Where does the word "which" show up in the records? Copy every line that holds it.

Saved data entries:
☆ ☆ ☆ ☆
(* Let $\kappa_i,\theta_i,\sigma_i>0$ and $\varepsilon_i\ge0$ for $i=1,2$, and let $\gamma\in[-\sqrt{\varepsilon_1\varepsilon_2},\sqrt{\varepsilon_1\varepsilon_2}]$. Set $\beta_i=\varepsilon_i/\sigma_i^2$, $\alpha_i=\gamma/\sigma_i^2$, $\nu_i=2\kappa_i\theta_i/\sigma_i^2$. Define on $\mathbb R_+^2$ the drift $$A_1(x)=\kappa_1(1+\beta_1x_2)(\theta_1-x_1)+\kappa_2\alpha_2x_1(\theta_2-x_2),\quad A_2(x)=\kappa_2(1+\beta_2x_1)(\theta_2-x_2)+\kappa_1\alpha_1x_2(\theta_1-x_1),$$ the diffusion matrix $$S(x)=\begin{pmatrix}\sigma_1^2x_1+\varepsilon_1x_1x_2 & \gamma x_1x_2\\ \gamma x_1x_2 & \sigma_2^2x_2+\varepsilon_2x_1x_2\end{pmatrix},$$ and the probability density $\pi(x)=\pi_{\nu_1}(x_1)\pi_{\nu_2}(x_2)$, where $\pi_{\nu_i}(y)=\frac{(\nu_i/\theta_i)^{\nu_i}}{\Gamma(\nu_i)}y^{\nu_i-1}e^{-\nu_iy/\theta_i}$. Then the generator $Lf=A_1\partial_{x_1}f+A_2\partial_{x_2}f+\frac12\big[S_{11}\partial_{x_1x_1}f+2S_{12}\partial_{x_1x_2}f+S_{22}\partial_{x_2x_2}f\big]$ of the diffusion $dX=A(X)\,dt+B(X)\,dw$ (with $BB^T=S$ and $w$ a two-dimensional standard Wiener process) satisfies, for every smooth $f$ on the open quadrant $(0,\infty)^2$, $$Lf(x)=\frac{1}{2\pi(x)}\nabla\cdot\big(\pi(x)S(x)\nabla f(x)\big);$$ that is, the process is reversible with respect to the product of the two Gamma distributions $\pi_{\nu_1,\nu_2}$.
   Context: This is the ''asymptotically decoupling correlated'' (ADC) two-factor model; when $\varepsilon_1=\varepsilon_2=\gamma=0$ it reduces to two independent CIR processes. *)

From Stdlib Require Import Reals List.
From Coquelicot Require Import Coquelicot.
Open Scope R_scope.

Definition Gamma_fn (nu : R) : R :=
  RInt_gen (fun t => Rpower t (nu - 1) * exp (- t)) (at_right 0) (Rbar_locally p_infty).

Definition gamma_density (nu theta y : R) : R :=
  Rpower (nu / theta) nu / Gamma_fn nu * Rpower y (nu - 1) * exp (- nu * y / theta).

Definition pd1 (f : R -> R -> R) : R -> R -> R := fun x y => Derive (fun t => f t y) x.
Definition pd2 (f : R -> R -> R) : R -> R -> R := fun x y => Derive (fun t => f x t) y.

(* Iterated partial derivative along a list of directions (false = x1, true = x2). *)
Fixpoint iter_partial (l : list bool) (f : R -> R -> R) : R -> R -> R :=
  match l with
  | nil => f
  | b :: l' => (if b then pd2 else pd1) (iter_partial l' f)
  end.

Definition quadrant (x y : R) : Prop := 0 < x /\ 0 < y.

Definition smooth_on_quadrant (f : R -> R -> R) : Prop :=
  forall (l : list bool) (x y : R), quadrant x y ->
    ex_derive (fun t => iter_partial l f t y) x /\
    ex_derive (fun t => iter_partial l f x t) y /\
    continuous (fun p : R * R => iter_partial l f (fst p) (snd p)) (x, y).

(* A drift of the form A = (1/2) (div S + S grad log pi) makes the generator the
   divergence-form operator (1/(2 pi)) div (pi S grad f): expanding the divergence by
   the product rule and using the symmetry of the mixed partials, the coefficient of
   each first derivative of f is exactly that drift.  For the product of Gamma densities
   grad log pi = ((nu1 - 1)/x1 - nu1/th1, (nu2 - 1)/x2 - nu2/th2), and with
   nu_i = 2 k_i th_i / s_i^2 the ADC drift has this form identically in x.  The bound
   on g is only needed for S to be a covariance matrix, not for the identity.  The one
   analytic input is Gamma(nu) > 0, which makes pi nonvanishing: the Gamma integral is
   the difference of the limits at 0+ and +oo of the monotone primitive
   x |-> int_1^x t^(nu-1) e^(-t), which is bounded on both sides. *)

From Stdlib Require Import Reals List Lra Classical_Prop.
From Coquelicot Require Import Coquelicot.
Open Scope R_scope.

Lemma is_lub_approx (E : R -> Prop) (u eps : R) :
  is_lub E u -> 0 < eps -> exists z, E z /\ u - eps < z.
Proof.
  intros [_ Hleast] Heps.
  apply NNPP; intros Hno.
  enough (u <= u - eps) by lra.
  apply Hleast; intros z Hz.
  apply Rnot_lt_le; intros Hlt; apply Hno; now exists z.
Qed.

Lemma nondecreasing_bounded_lim_p_infty (G : R -> R) (M : R) :
  (forall x y, 0 < x <= y -> G x <= G y) -> (forall x, 0 < x -> G x <= M) ->
  exists l, filterlim G (Rbar_locally p_infty) (locally l) /\
            forall x, 0 < x -> G x <= l.
Proof.
  intros Hmono Hbound.
  set (E := fun z => exists x, 0 < x /\ z = G x).
  assert (HEb : bound E) by (exists M; intros z [x [Hx ->]]; auto).
  assert (HEne : exists z, E z) by (exists (G 1), 1; split; [lra | reflexivity]).
  destruct (completeness E HEb HEne) as [u Hu].
  assert (Hup : forall x, 0 < x -> G x <= u) by (intros x Hx; apply Hu; now exists x).
  exists u; split; [| exact Hup].
  apply filterlim_locally; intros eps.
  destruct (is_lub_approx E u eps Hu (cond_pos eps)) as [z [[x0 [Hx0 ->]] Hlt]].
  exists x0; intros y Hy.
  assert (G x0 <= G y) by (apply Hmono; lra).
  assert (G y <= u) by (apply Hup; lra).
  change (Rabs (G y - u) < eps); apply Rabs_lt_between; lra.
Qed.

Lemma nondecreasing_bounded_lim_at_right_0 (G : R -> R) (m : R) :
  (forall x y, 0 < x <= y -> G x <= G y) -> (forall x, 0 < x -> m <= G x) ->
  exists l, filterlim G (at_right 0) (locally l) /\ forall x, 0 < x -> l <= G x.
Proof.
  intros Hmono Hbound.
  destruct (nondecreasing_bounded_lim_p_infty (fun t => - G (/ t)) (- m)) as [l [Hl Hle]].
  - intros x y Hxy.
    assert (G (/ y) <= G (/ x)); [|lra].
    apply Hmono; split; [apply Rinv_0_lt_compat; lra | apply Rinv_le_contravar; lra].
  - intros x Hx. assert (m <= G (/ x)) by (apply Hbound, Rinv_0_lt_compat, Hx). lra.
  - exists (- l); split.
    + apply (filterlim_ext_loc (fun x => - (- G (/ / x)))).
      * exists (mkposreal 1 Rlt_0_1); intros x _ Hx.
        rewrite Rinv_inv; ring.
      * apply (filterlim_comp _ _ _ (fun x => - G (/ / x)) Ropp _ (locally l)).
        -- exact (filterlim_comp _ _ _ Rinv (fun t => - G (/ t)) _ _ _ filterlim_Rinv_0_right Hl).
        -- apply (filterlim_opp l).
    + intros x Hx.
      assert (Hl_ge : - G (/ / x) <= l) by (apply Hle, Rinv_0_lt_compat, Hx).
      rewrite Rinv_inv in Hl_ge; lra.
Qed.

Lemma ln_le_sub_1 (y : R) : 0 < y -> ln y <= y - 1.
Proof.
  intros Hy; pose proof (exp_ineq1_le (ln y)) as H.
  rewrite exp_ln in H by exact Hy; lra.
Qed.

Lemma Rmin_pos_le (a b t : R) : 0 < a -> 0 < b -> Rmin a b <= t -> 0 < t.
Proof. intros Ha Hb Ht; pose proof (Rmin_pos a b Ha Hb); lra. Qed.

Definition gamma_integrand (nu t : R) : R := Rpower t (nu - 1) * exp (- t).

Section GammaIntegral.

Variable nu : R.

Local Notation f := (gamma_integrand nu).

Lemma gamma_integrand_pos (t : R) : 0 < f t.
Proof. apply Rmult_lt_0_compat; apply exp_pos. Qed.

Lemma gamma_integrand_continuous (t : R) : 0 < t -> continuous f t.
Proof.
  intros Ht; apply (@ex_derive_continuous R_AbsRing R_NormedModule).
  unfold f, gamma_integrand, Rpower; auto_derive; lra.
Qed.

Lemma ex_RInt_gamma_integrand (a b : R) : 0 < a -> 0 < b -> ex_RInt f a b.
Proof.
  intros Ha Hb; apply (@ex_RInt_continuous R_CompleteNormedModule).
  intros t [Ht _]; apply gamma_integrand_continuous, (Rmin_pos_le a b); assumption.
Qed.

Definition gamma_primitive (x : R) : R := RInt f 1 x.

Lemma gamma_primitive_1 : gamma_primitive 1 = 0.
Proof. exact (RInt_point 1 f). Qed.

Lemma gamma_primitive_le (x y : R) : 0 < x <= y -> gamma_primitive x <= gamma_primitive y.
Proof.
  intros Hxy; unfold gamma_primitive.
  rewrite <- (RInt_Chasles f 1 x y) by (apply ex_RInt_gamma_integrand; lra).
  assert (0 <= RInt f x y); [|unfold plus; simpl; lra].
  apply RInt_ge_0; [lra | apply ex_RInt_gamma_integrand; lra |].
  intros t _; left; apply gamma_integrand_pos.
Qed.

Lemma is_derive_gamma_primitive (x : R) : 0 < x -> is_derive gamma_primitive x (f x).
Proof.
  intros Hx; apply (is_derive_RInt f gamma_primitive 1 x).
  - apply (filter_imp (fun u => 0 < u)); [|apply open_gt; exact Hx].
    intros u Hu; apply (RInt_correct f 1 u), ex_RInt_gamma_integrand; lra.
  - apply gamma_integrand_continuous, Hx.
Qed.

(* Below 1 the integrand is dominated by [t^(nu-1)], whose integral over [(0,1)] is [1/nu]. *)
Lemma gamma_primitive_ge (x : R) : 0 < nu -> 0 < x -> - / nu <= gamma_primitive x.
Proof.
  intros Hnu Hx.
  destruct (Rle_lt_dec x 1) as [Hx1 | Hx1].
  2: { pose proof gamma_primitive_1; pose proof (gamma_primitive_le 1 x ltac:(lra)).
       pose proof (Rinv_0_lt_compat nu Hnu); lra. }
  set (p := fun t => Rpower t (nu - 1)).
  set (P := fun t => Rpower t nu / nu).
  assert (HP : is_RInt p x 1 (minus (P 1) (P x))).
  { apply (@is_RInt_derive R_CompleteNormedModule P p); intros t [Ht _];
      assert (0 < t) by (apply (Rmin_pos_le x 1); lra).
    - unfold P, p, Rpower; auto_derive; [lra |].
      replace ((nu - 1) * ln t) with (nu * ln t + - ln t) by ring.
      rewrite exp_plus, exp_Ropp, exp_ln by lra; field; lra.
    - apply (@ex_derive_continuous R_AbsRing R_NormedModule).
      unfold p, Rpower; auto_derive; lra. }
  assert (Hle : RInt f x 1 <= RInt p x 1).
  { apply RInt_le; [lra | apply ex_RInt_gamma_integrand; lra | eexists; exact HP |].
    intros t Ht; unfold f, gamma_integrand, p.
    rewrite <- (Rmult_1_r (Rpower t (nu - 1))) at 2.
    apply Rmult_le_compat_l; [left; apply exp_pos |].
    rewrite <- exp_0; left; apply exp_increasing; lra. }
  rewrite (is_RInt_unique _ _ _ _ HP) in Hle; unfold minus, plus, opp in Hle; simpl in Hle.
  unfold P, Rpower at 1 in Hle; rewrite ln_1, Rmult_0_r, exp_0 in Hle.
  assert (0 < Rpower x nu / nu) by (apply Rdiv_lt_0_compat; [apply exp_pos | lra]).
  unfold gamma_primitive; rewrite <- opp_RInt_swap by (apply ex_RInt_gamma_integrand; lra).
  unfold opp; simpl; unfold Rdiv in *; lra.
Qed.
☆ ☆ ☆ ☆
**SOLUTION TO THE PROBLEM**
   analytic input is Gamma(nu) > 0, which makes pi nonvanishing: the Gamma integral is
   x |-> int_1^x t^(nu-1) e^(-t), which is bounded on both sides. *)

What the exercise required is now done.